[Saved entries]
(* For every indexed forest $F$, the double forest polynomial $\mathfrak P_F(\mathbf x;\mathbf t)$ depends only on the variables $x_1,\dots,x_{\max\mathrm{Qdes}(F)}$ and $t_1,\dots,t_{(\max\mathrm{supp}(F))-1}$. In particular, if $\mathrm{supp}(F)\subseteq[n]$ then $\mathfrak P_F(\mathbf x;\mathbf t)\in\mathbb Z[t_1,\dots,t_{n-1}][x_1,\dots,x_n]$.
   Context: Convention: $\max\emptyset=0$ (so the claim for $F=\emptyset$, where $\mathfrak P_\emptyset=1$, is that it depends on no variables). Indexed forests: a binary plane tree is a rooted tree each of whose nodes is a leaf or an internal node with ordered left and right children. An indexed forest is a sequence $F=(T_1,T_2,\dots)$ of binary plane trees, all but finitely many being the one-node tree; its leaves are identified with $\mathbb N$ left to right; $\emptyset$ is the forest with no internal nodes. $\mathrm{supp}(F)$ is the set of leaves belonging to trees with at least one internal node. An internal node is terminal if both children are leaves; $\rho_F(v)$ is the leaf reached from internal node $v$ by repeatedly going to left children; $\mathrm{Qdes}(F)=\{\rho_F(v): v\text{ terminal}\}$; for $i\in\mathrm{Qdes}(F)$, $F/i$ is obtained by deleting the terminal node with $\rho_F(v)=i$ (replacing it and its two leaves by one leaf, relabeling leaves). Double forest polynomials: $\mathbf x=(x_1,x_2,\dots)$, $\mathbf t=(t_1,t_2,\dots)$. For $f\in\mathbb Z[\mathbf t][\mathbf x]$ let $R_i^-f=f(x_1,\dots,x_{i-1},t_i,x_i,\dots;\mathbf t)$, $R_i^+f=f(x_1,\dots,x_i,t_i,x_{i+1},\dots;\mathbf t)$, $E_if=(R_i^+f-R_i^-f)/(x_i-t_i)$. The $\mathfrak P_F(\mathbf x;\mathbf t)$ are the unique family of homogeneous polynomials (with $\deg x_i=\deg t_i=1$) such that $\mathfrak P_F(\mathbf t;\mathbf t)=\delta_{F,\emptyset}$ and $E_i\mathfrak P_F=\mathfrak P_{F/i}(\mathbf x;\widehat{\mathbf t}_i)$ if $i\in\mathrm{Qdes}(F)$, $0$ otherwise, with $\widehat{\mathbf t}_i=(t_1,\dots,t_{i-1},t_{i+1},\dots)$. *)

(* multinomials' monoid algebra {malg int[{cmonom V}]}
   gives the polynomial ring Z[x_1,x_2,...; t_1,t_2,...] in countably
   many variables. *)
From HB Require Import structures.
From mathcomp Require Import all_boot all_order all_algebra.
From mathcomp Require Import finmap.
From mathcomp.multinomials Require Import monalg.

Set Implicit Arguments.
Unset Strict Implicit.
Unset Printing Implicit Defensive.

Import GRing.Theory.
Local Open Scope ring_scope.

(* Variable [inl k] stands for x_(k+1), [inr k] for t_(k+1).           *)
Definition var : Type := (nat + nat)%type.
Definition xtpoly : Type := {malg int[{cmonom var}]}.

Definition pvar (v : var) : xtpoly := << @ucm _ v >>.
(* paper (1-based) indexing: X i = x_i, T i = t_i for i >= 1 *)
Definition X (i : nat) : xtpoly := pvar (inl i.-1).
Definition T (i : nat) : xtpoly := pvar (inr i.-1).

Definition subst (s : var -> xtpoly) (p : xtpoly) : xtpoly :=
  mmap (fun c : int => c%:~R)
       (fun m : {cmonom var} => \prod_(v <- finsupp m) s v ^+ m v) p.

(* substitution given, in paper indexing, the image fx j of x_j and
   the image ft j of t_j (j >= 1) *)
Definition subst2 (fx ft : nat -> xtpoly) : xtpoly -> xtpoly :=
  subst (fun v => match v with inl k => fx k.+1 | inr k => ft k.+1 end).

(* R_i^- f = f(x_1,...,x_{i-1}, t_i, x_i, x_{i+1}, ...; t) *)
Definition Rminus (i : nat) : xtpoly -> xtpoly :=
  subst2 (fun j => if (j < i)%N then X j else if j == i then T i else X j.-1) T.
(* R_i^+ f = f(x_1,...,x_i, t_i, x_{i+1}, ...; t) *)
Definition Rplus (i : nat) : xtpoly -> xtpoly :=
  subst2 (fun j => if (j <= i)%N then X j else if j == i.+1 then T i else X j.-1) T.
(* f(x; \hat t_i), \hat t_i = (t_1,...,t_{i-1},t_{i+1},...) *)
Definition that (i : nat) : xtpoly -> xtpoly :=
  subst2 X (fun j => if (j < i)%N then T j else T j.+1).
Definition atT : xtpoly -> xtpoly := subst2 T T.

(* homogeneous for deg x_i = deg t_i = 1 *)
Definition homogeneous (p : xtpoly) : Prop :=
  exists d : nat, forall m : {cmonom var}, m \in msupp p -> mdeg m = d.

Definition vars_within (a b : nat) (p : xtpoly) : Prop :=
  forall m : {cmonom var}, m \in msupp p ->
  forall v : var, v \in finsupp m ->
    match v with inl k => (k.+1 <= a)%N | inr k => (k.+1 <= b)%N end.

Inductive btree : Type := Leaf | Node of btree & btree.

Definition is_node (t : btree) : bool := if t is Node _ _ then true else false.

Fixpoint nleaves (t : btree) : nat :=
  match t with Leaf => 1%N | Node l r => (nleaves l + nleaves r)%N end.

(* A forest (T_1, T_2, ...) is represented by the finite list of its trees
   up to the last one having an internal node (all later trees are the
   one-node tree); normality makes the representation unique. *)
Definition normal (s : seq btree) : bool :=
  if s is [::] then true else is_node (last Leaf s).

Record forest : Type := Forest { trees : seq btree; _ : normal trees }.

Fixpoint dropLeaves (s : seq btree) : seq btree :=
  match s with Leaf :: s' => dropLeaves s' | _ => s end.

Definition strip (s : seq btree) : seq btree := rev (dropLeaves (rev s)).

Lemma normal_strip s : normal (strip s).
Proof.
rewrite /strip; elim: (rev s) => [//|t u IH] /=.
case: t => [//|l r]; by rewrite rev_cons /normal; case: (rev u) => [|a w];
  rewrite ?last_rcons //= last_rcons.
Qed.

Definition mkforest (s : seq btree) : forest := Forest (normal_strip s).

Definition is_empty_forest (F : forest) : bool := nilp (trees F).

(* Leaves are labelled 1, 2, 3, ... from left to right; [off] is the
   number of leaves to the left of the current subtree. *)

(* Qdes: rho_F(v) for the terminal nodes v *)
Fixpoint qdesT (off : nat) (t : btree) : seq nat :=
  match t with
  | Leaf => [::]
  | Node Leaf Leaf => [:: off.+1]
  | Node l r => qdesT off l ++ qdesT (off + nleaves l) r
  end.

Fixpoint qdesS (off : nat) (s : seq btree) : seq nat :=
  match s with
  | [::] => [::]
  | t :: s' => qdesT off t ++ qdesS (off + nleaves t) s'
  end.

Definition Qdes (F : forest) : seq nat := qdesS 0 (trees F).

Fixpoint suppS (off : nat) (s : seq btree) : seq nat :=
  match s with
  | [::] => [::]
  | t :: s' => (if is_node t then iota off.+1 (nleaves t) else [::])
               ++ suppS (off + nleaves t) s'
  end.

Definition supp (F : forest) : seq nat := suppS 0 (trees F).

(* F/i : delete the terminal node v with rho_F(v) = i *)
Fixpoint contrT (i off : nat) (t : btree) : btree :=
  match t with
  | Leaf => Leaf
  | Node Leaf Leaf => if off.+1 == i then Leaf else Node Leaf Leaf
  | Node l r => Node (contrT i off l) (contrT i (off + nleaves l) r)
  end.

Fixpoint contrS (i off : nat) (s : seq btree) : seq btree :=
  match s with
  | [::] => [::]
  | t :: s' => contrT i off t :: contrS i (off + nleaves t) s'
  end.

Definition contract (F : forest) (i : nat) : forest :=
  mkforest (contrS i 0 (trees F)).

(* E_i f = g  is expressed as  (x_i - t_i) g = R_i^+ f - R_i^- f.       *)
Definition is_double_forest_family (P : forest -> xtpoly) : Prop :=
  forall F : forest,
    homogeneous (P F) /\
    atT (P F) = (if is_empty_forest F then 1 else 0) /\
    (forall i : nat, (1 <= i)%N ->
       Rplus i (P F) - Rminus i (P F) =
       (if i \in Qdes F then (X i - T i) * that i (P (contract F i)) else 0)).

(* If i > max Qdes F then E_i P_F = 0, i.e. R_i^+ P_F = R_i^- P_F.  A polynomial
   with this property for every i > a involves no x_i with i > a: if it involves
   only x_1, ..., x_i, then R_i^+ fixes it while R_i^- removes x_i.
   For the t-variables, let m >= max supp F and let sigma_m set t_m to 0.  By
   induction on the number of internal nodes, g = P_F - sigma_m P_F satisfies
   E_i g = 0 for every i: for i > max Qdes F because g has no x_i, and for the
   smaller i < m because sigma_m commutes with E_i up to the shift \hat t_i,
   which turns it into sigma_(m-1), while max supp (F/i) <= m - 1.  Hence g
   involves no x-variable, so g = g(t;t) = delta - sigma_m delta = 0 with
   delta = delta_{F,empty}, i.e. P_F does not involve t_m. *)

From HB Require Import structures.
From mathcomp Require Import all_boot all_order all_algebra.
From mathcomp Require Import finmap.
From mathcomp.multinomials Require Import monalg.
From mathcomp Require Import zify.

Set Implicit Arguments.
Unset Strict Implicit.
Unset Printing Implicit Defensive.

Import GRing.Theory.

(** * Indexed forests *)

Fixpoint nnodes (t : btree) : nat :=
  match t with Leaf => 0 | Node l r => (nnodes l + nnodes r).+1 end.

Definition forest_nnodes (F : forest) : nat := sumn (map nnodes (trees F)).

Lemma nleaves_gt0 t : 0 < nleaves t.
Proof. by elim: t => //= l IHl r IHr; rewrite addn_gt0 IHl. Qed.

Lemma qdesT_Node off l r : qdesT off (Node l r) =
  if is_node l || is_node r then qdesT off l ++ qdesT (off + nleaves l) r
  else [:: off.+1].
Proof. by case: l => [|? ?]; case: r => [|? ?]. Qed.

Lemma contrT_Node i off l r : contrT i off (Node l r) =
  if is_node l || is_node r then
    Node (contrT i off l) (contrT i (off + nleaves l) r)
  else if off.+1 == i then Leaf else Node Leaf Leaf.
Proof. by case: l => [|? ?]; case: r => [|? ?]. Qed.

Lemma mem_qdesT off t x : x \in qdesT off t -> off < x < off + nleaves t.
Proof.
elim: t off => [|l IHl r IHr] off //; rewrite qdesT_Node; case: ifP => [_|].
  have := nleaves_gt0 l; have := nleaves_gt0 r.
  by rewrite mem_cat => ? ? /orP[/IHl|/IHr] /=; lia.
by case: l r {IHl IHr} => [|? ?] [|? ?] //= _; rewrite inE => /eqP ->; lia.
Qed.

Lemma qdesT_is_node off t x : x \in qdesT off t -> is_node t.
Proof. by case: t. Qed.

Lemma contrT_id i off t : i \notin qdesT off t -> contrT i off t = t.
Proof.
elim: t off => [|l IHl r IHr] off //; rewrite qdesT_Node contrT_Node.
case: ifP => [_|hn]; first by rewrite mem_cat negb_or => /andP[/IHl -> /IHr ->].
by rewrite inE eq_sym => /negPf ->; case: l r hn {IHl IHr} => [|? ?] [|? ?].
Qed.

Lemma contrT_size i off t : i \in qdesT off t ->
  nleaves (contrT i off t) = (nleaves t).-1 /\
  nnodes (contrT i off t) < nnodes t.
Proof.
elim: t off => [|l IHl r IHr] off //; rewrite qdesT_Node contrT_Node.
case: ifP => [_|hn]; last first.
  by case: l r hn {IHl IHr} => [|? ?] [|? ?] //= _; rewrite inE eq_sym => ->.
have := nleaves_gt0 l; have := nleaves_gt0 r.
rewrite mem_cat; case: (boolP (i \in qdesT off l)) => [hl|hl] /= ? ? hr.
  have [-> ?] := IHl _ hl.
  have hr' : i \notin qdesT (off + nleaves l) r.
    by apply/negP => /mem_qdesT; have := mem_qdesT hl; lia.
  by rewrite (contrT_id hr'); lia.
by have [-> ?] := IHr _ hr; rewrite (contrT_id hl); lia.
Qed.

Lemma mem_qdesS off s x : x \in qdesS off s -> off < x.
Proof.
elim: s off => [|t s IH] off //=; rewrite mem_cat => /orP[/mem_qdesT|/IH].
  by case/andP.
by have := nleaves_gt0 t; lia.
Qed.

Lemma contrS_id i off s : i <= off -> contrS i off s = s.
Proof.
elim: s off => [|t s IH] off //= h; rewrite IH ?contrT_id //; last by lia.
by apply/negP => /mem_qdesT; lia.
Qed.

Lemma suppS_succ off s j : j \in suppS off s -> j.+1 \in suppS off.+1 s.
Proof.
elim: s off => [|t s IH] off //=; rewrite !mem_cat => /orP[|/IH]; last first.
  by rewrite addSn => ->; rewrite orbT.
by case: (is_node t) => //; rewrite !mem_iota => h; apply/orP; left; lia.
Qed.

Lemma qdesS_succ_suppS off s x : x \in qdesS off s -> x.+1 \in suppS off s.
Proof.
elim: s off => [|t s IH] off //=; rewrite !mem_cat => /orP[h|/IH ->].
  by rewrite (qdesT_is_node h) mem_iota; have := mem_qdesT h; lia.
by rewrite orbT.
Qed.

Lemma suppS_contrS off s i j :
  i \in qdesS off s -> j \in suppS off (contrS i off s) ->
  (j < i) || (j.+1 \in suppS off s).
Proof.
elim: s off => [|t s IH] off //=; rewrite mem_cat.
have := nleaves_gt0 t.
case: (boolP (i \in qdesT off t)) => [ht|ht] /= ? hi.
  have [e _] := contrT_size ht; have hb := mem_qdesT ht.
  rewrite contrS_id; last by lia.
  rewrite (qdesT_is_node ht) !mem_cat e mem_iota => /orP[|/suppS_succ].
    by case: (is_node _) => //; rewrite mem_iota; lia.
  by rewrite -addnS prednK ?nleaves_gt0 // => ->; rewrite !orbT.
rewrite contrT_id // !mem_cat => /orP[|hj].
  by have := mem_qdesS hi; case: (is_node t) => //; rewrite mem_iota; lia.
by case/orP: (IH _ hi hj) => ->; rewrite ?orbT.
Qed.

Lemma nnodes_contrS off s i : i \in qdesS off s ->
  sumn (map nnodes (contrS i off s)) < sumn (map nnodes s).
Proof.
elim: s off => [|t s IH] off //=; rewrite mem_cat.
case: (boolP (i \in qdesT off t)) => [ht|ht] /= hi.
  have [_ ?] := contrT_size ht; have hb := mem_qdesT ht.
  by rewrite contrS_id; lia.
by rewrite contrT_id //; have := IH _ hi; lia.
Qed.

_WHAT TO DO:_ Would you please repeat exactly the lines above, starting at the line with "involve t_m. *)" and stopping at the line with "case: ifP => [_|hn]; last first.", both included?

_ANSWER BOX:_
   delta = delta_{F,empty}, i.e. P_F does not involve t_m. *)

From HB Require Import structures.
From mathcomp Require Import all_boot all_order all_algebra.
From mathcomp Require Import finmap.
From mathcomp.multinomials Require Import monalg.
From mathcomp Require Import zify.

Set Implicit Arguments.
Unset Strict Implicit.
Unset Printing Implicit Defensive.

Import GRing.Theory.

(** * Indexed forests *)

Fixpoint nnodes (t : btree) : nat :=
  match t with Leaf => 0 | Node l r => (nnodes l + nnodes r).+1 end.

Definition forest_nnodes (F : forest) : nat := sumn (map nnodes (trees F)).

Lemma nleaves_gt0 t : 0 < nleaves t.
Proof. by elim: t => //= l IHl r IHr; rewrite addn_gt0 IHl. Qed.

Lemma qdesT_Node off l r : qdesT off (Node l r) =
  if is_node l || is_node r then qdesT off l ++ qdesT (off + nleaves l) r
  else [:: off.+1].
Proof. by case: l => [|? ?]; case: r => [|? ?]. Qed.

Lemma contrT_Node i off l r : contrT i off (Node l r) =
  if is_node l || is_node r then
    Node (contrT i off l) (contrT i (off + nleaves l) r)
  else if off.+1 == i then Leaf else Node Leaf Leaf.
Proof. by case: l => [|? ?]; case: r => [|? ?]. Qed.

Lemma mem_qdesT off t x : x \in qdesT off t -> off < x < off + nleaves t.
Proof.
elim: t off => [|l IHl r IHr] off //; rewrite qdesT_Node; case: ifP => [_|].
  have := nleaves_gt0 l; have := nleaves_gt0 r.
  by rewrite mem_cat => ? ? /orP[/IHl|/IHr] /=; lia.
by case: l r {IHl IHr} => [|? ?] [|? ?] //= _; rewrite inE => /eqP ->; lia.
Qed.

Lemma qdesT_is_node off t x : x \in qdesT off t -> is_node t.
Proof. by case: t. Qed.

Lemma contrT_id i off t : i \notin qdesT off t -> contrT i off t = t.
Proof.
elim: t off => [|l IHl r IHr] off //; rewrite qdesT_Node contrT_Node.
case: ifP => [_|hn]; first by rewrite mem_cat negb_or => /andP[/IHl -> /IHr ->].
by rewrite inE eq_sym => /negPf ->; case: l r hn {IHl IHr} => [|? ?] [|? ?].
Qed.

Lemma contrT_size i off t : i \in qdesT off t ->
  nleaves (contrT i off t) = (nleaves t).-1 /\
  nnodes (contrT i off t) < nnodes t.
Proof.
elim: t off => [|l IHl r IHr] off //; rewrite qdesT_Node contrT_Node.
case: ifP => [_|hn]; last first.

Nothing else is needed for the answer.